Навроцкий быстро оделся, захватил бумажник и вышел на улицу. Ресторан Феофилова находился в нескольких кварталах от квартиры князя. Прокл Мартынович встретил своего должника радушно и, после того как тот вернул ему долг, пригласил отужинать за счёт заведения. Попытка Навроцкого отговориться и уйти ни к чему не привела. Прокл Мартынович настаивал на своём, и князю пришлось сесть за приготовленный для него стол, хорошо поесть и выпить вина. Выпил он много.

Когда он вышел из ресторана, было уже довольно поздно. Освещённый электрическим светом Невский заполнили любители ночной жизни. У дверей кафе, ресторанов и разного рода увеселительных заведений останавливались извозчики, бело-чёрные таксомоторы, частные автомобили. Туда и сюда сновали в поисках лёгкого заработка лихачи. Припозднившуюся публику попроще, позванивая, увозили из центра красно-белые, светившие огромными окнами в ночную тьму трамваи. Театры и синематографы выпускали из своих недр возбуждённых, смеющихся людей.

Этот праздник жизни удивлял Навроцкого, казался ему чем-то нереальным, далёким, не имевшим к нему никакого отношения. Он лишь случайно, на миг, не по своей воле задержался в этом водовороте такой неважной теперь, никчёмной, пустой действительности. По тротуару Невского проспекта шёл не он, а полуживая телесная оболочка, способная наблюдать, отмечать в помутневшем сознании происходящее вокруг, но не чувствовать, не понимать. Замечая вокруг себя движущиеся фигуры, он в изумлении думал: «Куда они?
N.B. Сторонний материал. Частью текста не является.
Lemma argmin_lagrangian_x x z s (taur : 'I_n -> R) : (forall j, 0 < taur j) ->
  is_argmin (fun x' => lagrangian A fx fz x' z s
                       + wnorm2 taur (fun j => x' j - x j) / 2)
    (fun j => prox (scalef (taur j) (fx j)) (x j + taur j * mulvT A s j)).
Proof.
move=> taur0.
have ev l : x l - taur l * - mulvT A s l = x l + taur l * mulvT A s l by ring.
have opt l := prox_argmin_linear_quadratic (taur0 l)
                (hproxx l (x l - taur l * - mulvT A s l) (taur0 l)).
apply: (is_argmin_separable
  (G := fun j a => fx j a + (- mulvT A s j) * a + (a - x j) ^+ 2 / taur j / 2)
  (C := \sum_i fz i (z i) + \sum_i s i * z i)).
- by move=> w; rewrite lagrangian_separable_x wnorm2_half [in RHS]big_split addrAC.
- by move=> l; rewrite -ev; exact: (opt l).1.
- by move=> l; rewrite -ev; exact: (opt l).2.
Qed.

Lemma argmin_lagrangian_z x s (taup : 'I_m -> R) : (forall i, 0 < taup i) ->
  is_argmin (fun z => lagrangian A fx fz x z s
                      + wnorm2 taup (fun i => z i - mulv A x i) / 2)
    (fun i => prox (scalef (taup i) (fz i)) (mulv A x i - s i * taup i)).
Proof.
move=> taup0.
have ev l : mulv A x l - taup l * s l = mulv A x l - s l * taup l by rewrite mulrC.
have opt l := prox_argmin_linear_quadratic (taup0 l)
                (hproxz l (mulv A x l - taup l * s l) (taup0 l)).
apply: (is_argmin_separable
  (G := fun i a => fz i a + s i * a + (a - mulv A x i) ^+ 2 / taup i / 2)
  (C := \sum_j fx j (x j) - \sum_i s i * mulv A x i)).
- by move=> w; rewrite lagrangian_separable_z wnorm2_half [in RHS]big_split addrAC.
- by move=> l; rewrite -ev; exact: (opt l).1.
- by move=> l; rewrite -ev; exact: (opt l).2.
Qed.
Зачем они?» Его последний взгляд на ставший вдруг чуждым ему мир был лишь равнодушной фиксацией, холодным протоколом, в котором скоро надлежало поставить точку…

— Господин, постойте! — услышал он рядом женский голос.
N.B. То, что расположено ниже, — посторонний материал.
Lemma Rabs_qform_le a q : Rabs (qform a q) <= qnorm a * sqnorm q.
Proof.
  destruct q as [[m n] p]; unfold qform, qnorm, sqnorm.
  set (M := IZR m); set (N := IZR n); set (P := IZR p); set (r := M ^ 2 + N ^ 2 + P ^ 2).
  assert (Hterm : forall c X, Rabs X <= r -> - (Rabs c * r) <= c * X <= Rabs c * r).
  { intros c X HX; apply Rabs_le_between; rewrite Rabs_mult.
    apply Rmult_le_compat_l; auto using Rabs_pos. }
  assert (Hprod : forall x y, Rabs (x * y) <= x ^ 2 + y ^ 2).
  { intros x y; rewrite Rabs_mult, <- (pow2_abs x), <- (pow2_abs y).
    pose proof (pow2_ge_0 (Rabs x - Rabs y)); nra. }
  pose proof (pow2_ge_0 M); pose proof (pow2_ge_0 N); pose proof (pow2_ge_0 P).
  pose proof (Hterm (c_mm a) (M ^ 2) ltac:(rewrite Rabs_pos_eq; unfold r; lra)).
  pose proof (Hterm (c_nn a) (N ^ 2) ltac:(rewrite Rabs_pos_eq; unfold r; lra)).
  pose proof (Hterm (c_pp a) (P ^ 2) ltac:(rewrite Rabs_pos_eq; unfold r; lra)).
  pose proof (Hterm (c_mn a) (M * N) ltac:(pose proof (Hprod M N); unfold r; lra)).
  pose proof (Hterm (c_mp a) (M * P) ltac:(pose proof (Hprod M P); unfold r; lra)).
  pose proof (Hterm (c_np a) (N * P) ltac:(pose proof (Hprod N P); unfold r; lra)).
  apply Rabs_le_between; lra.
Qed.

Definition is_derive_qcoef (a a' : R -> qcoef) (t : R) : Prop :=
  is_derive (fun s => c_mm (a s)) t (c_mm (a' t)) /\ is_derive (fun s => c_nn (a s)) t (c_nn (a' t)) /\
  is_derive (fun s => c_pp (a s)) t (c_pp (a' t)) /\ is_derive (fun s => c_mn (a s)) t (c_mn (a' t)) /\
  is_derive (fun s => c_mp (a s)) t (c_mp (a' t)) /\ is_derive (fun s => c_np (a s)) t (c_np (a' t)).

Definition continuous_qcoef (a : R -> qcoef) (t : R) : Prop :=
  continuous (fun s => c_mm (a s)) t /\ continuous (fun s => c_nn (a s)) t /\
  continuous (fun s => c_pp (a s)) t /\ continuous (fun s => c_mn (a s)) t /\
  continuous (fun s => c_mp (a s)) t /\ continuous (fun s => c_np (a s)) t.

Lemma ex_derive_continuous_R (g : R -> R) t : ex_derive g t -> continuous g t.
Proof. exact (@ex_derive_continuous R_AbsRing R_NormedModule g t). Qed.

Lemma is_derive_continuous (g : R -> R) t l : is_derive g t l -> continuous g t.
Proof. intros H; apply ex_derive_continuous_R; now exists l. Qed.

Lemma is_derive_qcoef_intro (a a' : R -> qcoef) t :
  is_derive (fun s => c_mm (a s)) t (c_mm (a' t)) -> is_derive (fun s => c_nn (a s)) t (c_nn (a' t)) ->
  is_derive (fun s => c_pp (a s)) t (c_pp (a' t)) -> is_derive (fun s => c_mn (a s)) t (c_mn (a' t)) ->
  is_derive (fun s => c_mp (a s)) t (c_mp (a' t)) -> is_derive (fun s => c_np (a s)) t (c_np (a' t)) ->
  is_derive_qcoef a a' t.
Proof. unfold is_derive_qcoef; tauto. Qed.

Lemma continuous_qcoef_intro (a : R -> qcoef) t :
  ex_derive (fun s => c_mm (a s)) t -> ex_derive (fun s => c_nn (a s)) t ->
  ex_derive (fun s => c_pp (a s)) t -> ex_derive (fun s => c_mn (a s)) t ->
  ex_derive (fun s => c_mp (a s)) t -> ex_derive (fun s => c_np (a s)) t ->
  continuous_qcoef a t.
Proof. intros; repeat split; now apply ex_derive_continuous_R. Qed.

Lemma is_derive_qform a a' t q : is_derive_qcoef a a' t ->
  is_derive (fun s => qform (a s) q) t (qform (a' t) q).
Proof.
  assert (Hscal : forall (g : R -> R) dg k, is_derive g t dg -> is_derive (fun s => g s * k) t (dg * k)).
  { intros g dg k H; eapply is_derive_ext; [intros; apply Rmult_comm|].
    rewrite Rmult_comm; now apply is_derive_scal. }
  destruct q as [[m n] p]; intros (D1 & D2 & D3 & D4 & D5 & D6); unfold qform.
  repeat apply (@is_derive_plus R_AbsRing R_NormedModule); now apply Hscal.
Qed.

Lemma qnorm_bounded (a : R -> qcoef) lo hi : lo <= hi ->
  (forall t, lo <= t <= hi -> continuous_qcoef a t) ->
  exists c, 0 <= c /\ forall t, lo <= t <= hi -> qnorm (a t) <= c.
Proof.
  intros Hlh Ha.
  assert (Hc : forall t, lo <= t <= hi -> continuity_pt (fun s => qnorm (a s)) t).
  { assert (Hplus : forall (f g : R -> R) x, continuous f x -> continuous g x ->
                    continuous (fun y => f y + g y) x)
      by (intros f g x Hf Hg; exact (continuous_plus f g x Hf Hg)).
    intros t Ht; apply continuity_pt_filterlim; destruct (Ha t Ht) as (C1 & C2 & C3 & C4 & C5 & C6).
    change (continuous (fun s => qnorm (a s)) t); unfold qnorm.
    repeat apply Hplus; now apply continuous_Rabs_comp. }
  destruct (continuity_ab_maj _ lo hi Hlh Hc) as [tM [HM _]].
  exists (qnorm (a tM)); split; [apply qnorm_nonneg | exact HM].
Qed.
Он не сразу понял, что обращаются именно к нему, и хотел было пройти мимо, но из тени метнулась какая-то фигура, и он почувствовал, как кто-то тянет его за руку. Он остановился и обнаружил подле себя девицу, сильно накрашенные губы и вся наружность которой легко выдавали в ней особу известной профессии.

— Что вам угодно? — спросил он глухим, почти беззвучным голосом и тут же поразился и этому голосу, и вообще своей способности говорить.

— Прошу вас! Ради бога! Сделайте вид, что я с вами! — взмолилась девица и скосила глаза куда-то в сторону.

Навроцкий посмотрел в указанном направлении и увидел наблюдающего за ними полицейского.

— Он хочет меня сцапать, — пояснила девица.

Она взяла Навроцкого под руку и как ни в чем не бывало пошла с ним рядом. Так они миновали квартал и свернули за угол. Здесь Навроцкий пожелал распрощаться, но девица, не отпуская его руку, выразительно посмотрела ему в глаза.

— Взгляни на меня… Я труп, — мрачно сказал Навроцкий. — Ты хочешь продать любовь мертвецу?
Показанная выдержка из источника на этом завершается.